Lemma sum_invsq_zrange N : \sum_(u <- zrange N) invsq u <= 4 - 4 / N.+1%:R.
Proof.
elim: N => [|N IHN].
  by rewrite /zrange /= big_seq1 /invsq /zabs expr0n invr0 divr1 subrr.
rewrite big_zrangeS {1}/invsq {2}/invsq /zabs abszN absz_nat.
move: IHN; set n : R := N.+1%:R => IHN.
have -> : N.+2%:R = n + 1 :> R by rewrite /n -natr1.
have n1 : 1 <= n by rewrite ler1n.
suff : (n ^+ 2)^-1 + (n ^+ 2)^-1 <= 4 / n - 4 / (n + 1).
  move: IHN; set a := n ^- 2; set b := 4 / n; set c := 4 / (n + 1).
  by set S := \sum_(_ <- _) _; lra.
rewrite -subr_ge0.
have -> : 4 / n - 4 / (n + 1) - ((n ^+ 2)^-1 + (n ^+ 2)^-1) =
    (2 * n - 2) / (n ^+ 2 * (n + 1)).
  by field; apply/andP; split; lra.
rewrite divr_ge0 ?mulr_ge0 ?exprn_ge0 //; lra.
Qed.

Lemma sum_invsq_le4 N : \sum_(u <- zrange N) invsq u <= 4.
Proof.
apply: le_trans (sum_invsq_zrange N) _.
by rewrite lerBlDr lerDl divr_ge0 // ler0n.
Qed.

End InverseSquares.

Section DominatedTail.
(* [psum g N] stands for the N-th (square) partial sum of the series of [g]
   over the index set [D]. *)
Variables (R : realType) (I : Type) (D : pred I) (psum : (I -> R) -> nat -> R).
Hypothesis psumD : forall g h N, psum (fun i => g i + h i) N = psum g N + psum h N.
Hypothesis psum_le :
  forall g h N, (forall i, D i -> g i <= h i) -> psum g N <= psum h N.
Hypothesis psum_nondecreasing :
  forall g, (forall i, D i -> 0 <= g i) -> nondecreasing_seq (psum g).

Lemma psum0 N : psum (fun=> 0) N = 0.
Proof.
have := psumD (fun=> 0) (fun=> 0) N.
rewrite (_ : (fun=> 0 + 0) = fun=> 0); last by apply/funext => i; rewrite addr0.
by move/eqP; rewrite -{1}(addr0 (psum _ N)) (inj_eq (addrI _)) => /eqP <-.
Qed.

Lemma psumN g N : psum (fun i => - g i) N = - psum g N.
Proof.
apply/eqP; rewrite -addr_eq0 -psumD -(psum0 N); apply/eqP; congr psum.
by apply/funext => i; rewrite addNr.
Qed.

Lemma limn_psum_tail (f h : I -> R) (B : pred I) (M : R) (N0 : nat) :
  (forall i, D i -> 0 <= h i) ->
  (forall i, D i -> ~~ B i -> `|f i| <= h i) ->
  (forall N, psum h N <= M) ->
  (forall N, (N0 <= N)%N -> psum (fun i => if B i then f i else 0) N = psum f N0) ->
  `|limn (psum f) - psum f N0| <= M.
Proof.
move=> h_ge0 f_le_h psum_hM psum_box.
pose ft i := if B i then 0 else f i.
have ft_le_h i : D i -> `|ft i| <= h i.
  by move=> Di; rewrite /ft; case: ifPn => [_|/(f_le_h i Di)//]; rewrite normr0 h_ge0.
have psumE N : (N0 <= N)%N -> psum f N = psum f N0 + psum ft N.
  move=> N0N; rewrite -(psum_box N N0N) -psumD; congr psum; apply/funext => i.
  by rewrite /ft; case: ifP; rewrite ?addr0 ?add0r.
have psum_ft_le N : `|psum ft N| <= M.
  apply: le_trans (psum_hM N); rewrite ler_norml -psumN.
  by rewrite !psum_le // => i /ft_le_h; rewrite ler_norml => /andP[? ?].
have psum_ft_cvg : cvgn (psum ft).
  have -> : psum ft = (fun N => psum (fun i => ft i + h i) N - psum h N).
    by apply/funext => N; rewrite psumD addrK.
  apply: is_cvgB; apply: nondecreasing_is_cvgn.
  - apply: psum_nondecreasing => i /ft_le_h.
    by rewrite -lerBlDr sub0r ler_norml => /andP[? ?].
  - exists (M + M) => _ [N _ <-]; rewrite psumD lerD //.
    exact: le_trans (ler_norm _) (psum_ft_le N).
  - exact: psum_nondecreasing.
  - by exists M => _ [N _ <-].
have psum_f_cvg : psum f @ \oo --> psum f N0 + limn (psum ft).
  have psumE_near : \forall N \near \oo, psum f N0 + psum ft N = psum f N.
    by near=> N; rewrite [RHS]psumE //; near: N; exists N0.
  exact: cvg_trans (near_eq_cvg psumE_near) (cvgD (cvg_cst _) psum_ft_cvg).
rewrite (cvg_lim _ psum_f_cvg) // addrC addKr ler_norml.
by rewrite limr_ge ?limr_le //; near=> N;
  move: (psum_ft_le N); rewrite ler_norml => /andP[].
Unshelve. all: end_near.
Qed.

End DominatedTail.

Local Notation nonzero_pair u v := [&& u != 0, v != 0 & u + v != 0].

Section SeriesTails.
Variable R : realType.
Implicit Types (f g h : int -> R) (E : R).

Definition spsum g N := \sum_(n <- zrange N | n != 0) g n.

Lemma spsum_nondecreasing g : (forall n, n != 0 -> 0 <= g n) ->
  nondecreasing_seq (spsum g).
Proof.
move=> g_ge0; apply/nondecreasing_seqP => N.
rewrite /spsum [leRHS]big_mkcond [leLHS]big_mkcond big_zrangeS /=.
by rewrite -addrA ler_wpDl ?ler_wpDr ?g_ge0.
Qed.

Lemma spsum_box g N : (2 <= N)%N ->
  spsum (fun n => if (`|n| <= 2)%N then g n else 0) N = spsum g 2.
Proof.
move=> N2; rewrite /spsum !big_mkcond.
rewrite (@big_zrange_supp _ _ 2 N) //= => [|n].
  by rewrite [RHS]big_mkcond; apply: eq_big_seq => n /mem_zrange ->.
by move=> n2; rewrite leqNgt n2; case: ifP.
Qed.

Lemma ssum_tail_le f E : 0 <= E ->
  (forall n, n != 0 -> (2 < `|n|)%N -> `|f n| <= E * invsq R n) ->
  `|ssum f - spsum f 2| <= 4 * E.
Proof.
move=> E_ge0 f_tail.
apply: (@limn_psum_tail _ _ (fun n => n != 0) spsum _ _ _ f (fun n => E * invsq R n)
  (fun n => `|n| <= 2)%N).
- by move=> g h N; rewrite /spsum big_split.
- by move=> g h N gh; apply: ler_sum.
- exact: spsum_nondecreasing.
- by move=> n _; rewrite mulr_ge0 ?invsq_ge0.
- by move=> n n0; rewrite -ltnNge; apply: f_tail.
- move=> N; rewrite /spsum -mulr_sumr mulrC ler_wpM2r //.
  apply: le_trans (sum_invsq_le4 R N); rewrite big_mkcond; apply: ler_sum => n _.
  by case: ifP => // _; exact: invsq_ge0.
- exact: spsum_box.
Qed.

Implicit Types (F G H : int -> int -> R).

Lemma dpsum_add G H N :
  dpsum (fun u v => G u v + H u v) N = dpsum G N + dpsum H N.
Proof. by rewrite /dpsum -big_split; apply: eq_bigr => u _; rewrite -big_split. Qed.

Lemma dpsum_nondecreasing G : (forall u v, nonzero_pair u v -> 0 <= G u v) ->
  nondecreasing_seq (dpsum G).
Proof.
move=> G_ge0; apply/nondecreasing_seqP => N; rewrite /dpsum big_zrangeS.
have inner_ge0 u M : 0 <= \sum_(v <- zrange M | nonzero_pair u v) G u v.
  by apply: sumr_ge0 => v; apply: G_ge0.
rewrite -addrA ler_wpDl ?inner_ge0 // ler_wpDr ?inner_ge0 //.
apply: ler_sum => u _; rewrite [leRHS]big_mkcond [leLHS]big_mkcond big_zrangeS /=.
by rewrite -addrA ler_wpDl ?ler_wpDr //; case: ifP => // uv; exact: G_ge0.
Qed.

Lemma dpsum_box G N : (2 <= N)%N ->
  dpsum (fun u v => if (`|u| <= 2)%N && (`|v| <= 2)%N then G u v else 0) N =
  dpsum G 2.
Proof.
move=> N2; rewrite /dpsum (@big_zrange_supp _ _ 2 N) // => [|u u2]; last first.
  by rewrite big1 // => v _; rewrite leqNgt u2.
apply: eq_big_seq => u /mem_zrange u2; rewrite !big_mkcond.
rewrite (@big_zrange_supp _ _ 2 N) //= => [|v v2].
  by rewrite [RHS]big_mkcond; apply: eq_big_seq => v /mem_zrange v2; rewrite u2 v2.
by rewrite [(`|v| <= 2)%N]leqNgt v2 andbF; case: ifP.
Qed.

Lemma dpsum_invsq E N : 0 <= E ->
  dpsum (fun u v => E * (invsq R u * invsq R v)) N <= 16 * E.
Proof.
move=> E_ge0; rewrite /dpsum.
apply: (@le_trans _ _
  (\sum_(u <- zrange N) \sum_(v <- zrange N) E * (invsq R u * invsq R v))).
  apply: ler_sum => u _; rewrite big_mkcond; apply: ler_sum => v _.
  by case: ifP => // _; rewrite !mulr_ge0 ?invsq_ge0.
have -> : \sum_(u <- zrange N) \sum_(v <- zrange N) E * (invsq R u * invsq R v) =
    E * ((\sum_(u <- zrange N) invsq R u) * \sum_(v <- zrange N) invsq R v).
  rewrite mulr_suml mulr_sumr; apply: eq_bigr => u _.
  by rewrite !mulr_sumr; apply: eq_bigr => v _.
rewrite mulrC ler_wpM2r // (_ : 16 = 4 * 4 :> R); last by rewrite -natrM.
by apply: ler_pM; rewrite ?sum_invsq_le4 ?sumr_ge0 // => u _; exact: invsq_ge0.
Qed.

WORK ORDER: From the opening line of the data above, please print each line as written up to and including the line that contains "forall g, (forall", and nothing more.

TASK ANSWER:
Lemma sum_invsq_zrange N : \sum_(u <- zrange N) invsq u <= 4 - 4 / N.+1%:R.
Proof.
elim: N => [|N IHN].
  by rewrite /zrange /= big_seq1 /invsq /zabs expr0n invr0 divr1 subrr.
rewrite big_zrangeS {1}/invsq {2}/invsq /zabs abszN absz_nat.
move: IHN; set n : R := N.+1%:R => IHN.
have -> : N.+2%:R = n + 1 :> R by rewrite /n -natr1.
have n1 : 1 <= n by rewrite ler1n.
suff : (n ^+ 2)^-1 + (n ^+ 2)^-1 <= 4 / n - 4 / (n + 1).
  move: IHN; set a := n ^- 2; set b := 4 / n; set c := 4 / (n + 1).
  by set S := \sum_(_ <- _) _; lra.
rewrite -subr_ge0.
have -> : 4 / n - 4 / (n + 1) - ((n ^+ 2)^-1 + (n ^+ 2)^-1) =
    (2 * n - 2) / (n ^+ 2 * (n + 1)).
  by field; apply/andP; split; lra.
rewrite divr_ge0 ?mulr_ge0 ?exprn_ge0 //; lra.
Qed.

Lemma sum_invsq_le4 N : \sum_(u <- zrange N) invsq u <= 4.
Proof.
apply: le_trans (sum_invsq_zrange N) _.
by rewrite lerBlDr lerDl divr_ge0 // ler0n.
Qed.

End InverseSquares.

Section DominatedTail.
(* [psum g N] stands for the N-th (square) partial sum of the series of [g]
   over the index set [D]. *)
Variables (R : realType) (I : Type) (D : pred I) (psum : (I -> R) -> nat -> R).
Hypothesis psumD : forall g h N, psum (fun i => g i + h i) N = psum g N + psum h N.
Hypothesis psum_le :
  forall g h N, (forall i, D i -> g i <= h i) -> psum g N <= psum h N.
Hypothesis psum_nondecreasing :
  forall g, (forall i, D i -> 0 <= g i) -> nondecreasing_seq (psum g).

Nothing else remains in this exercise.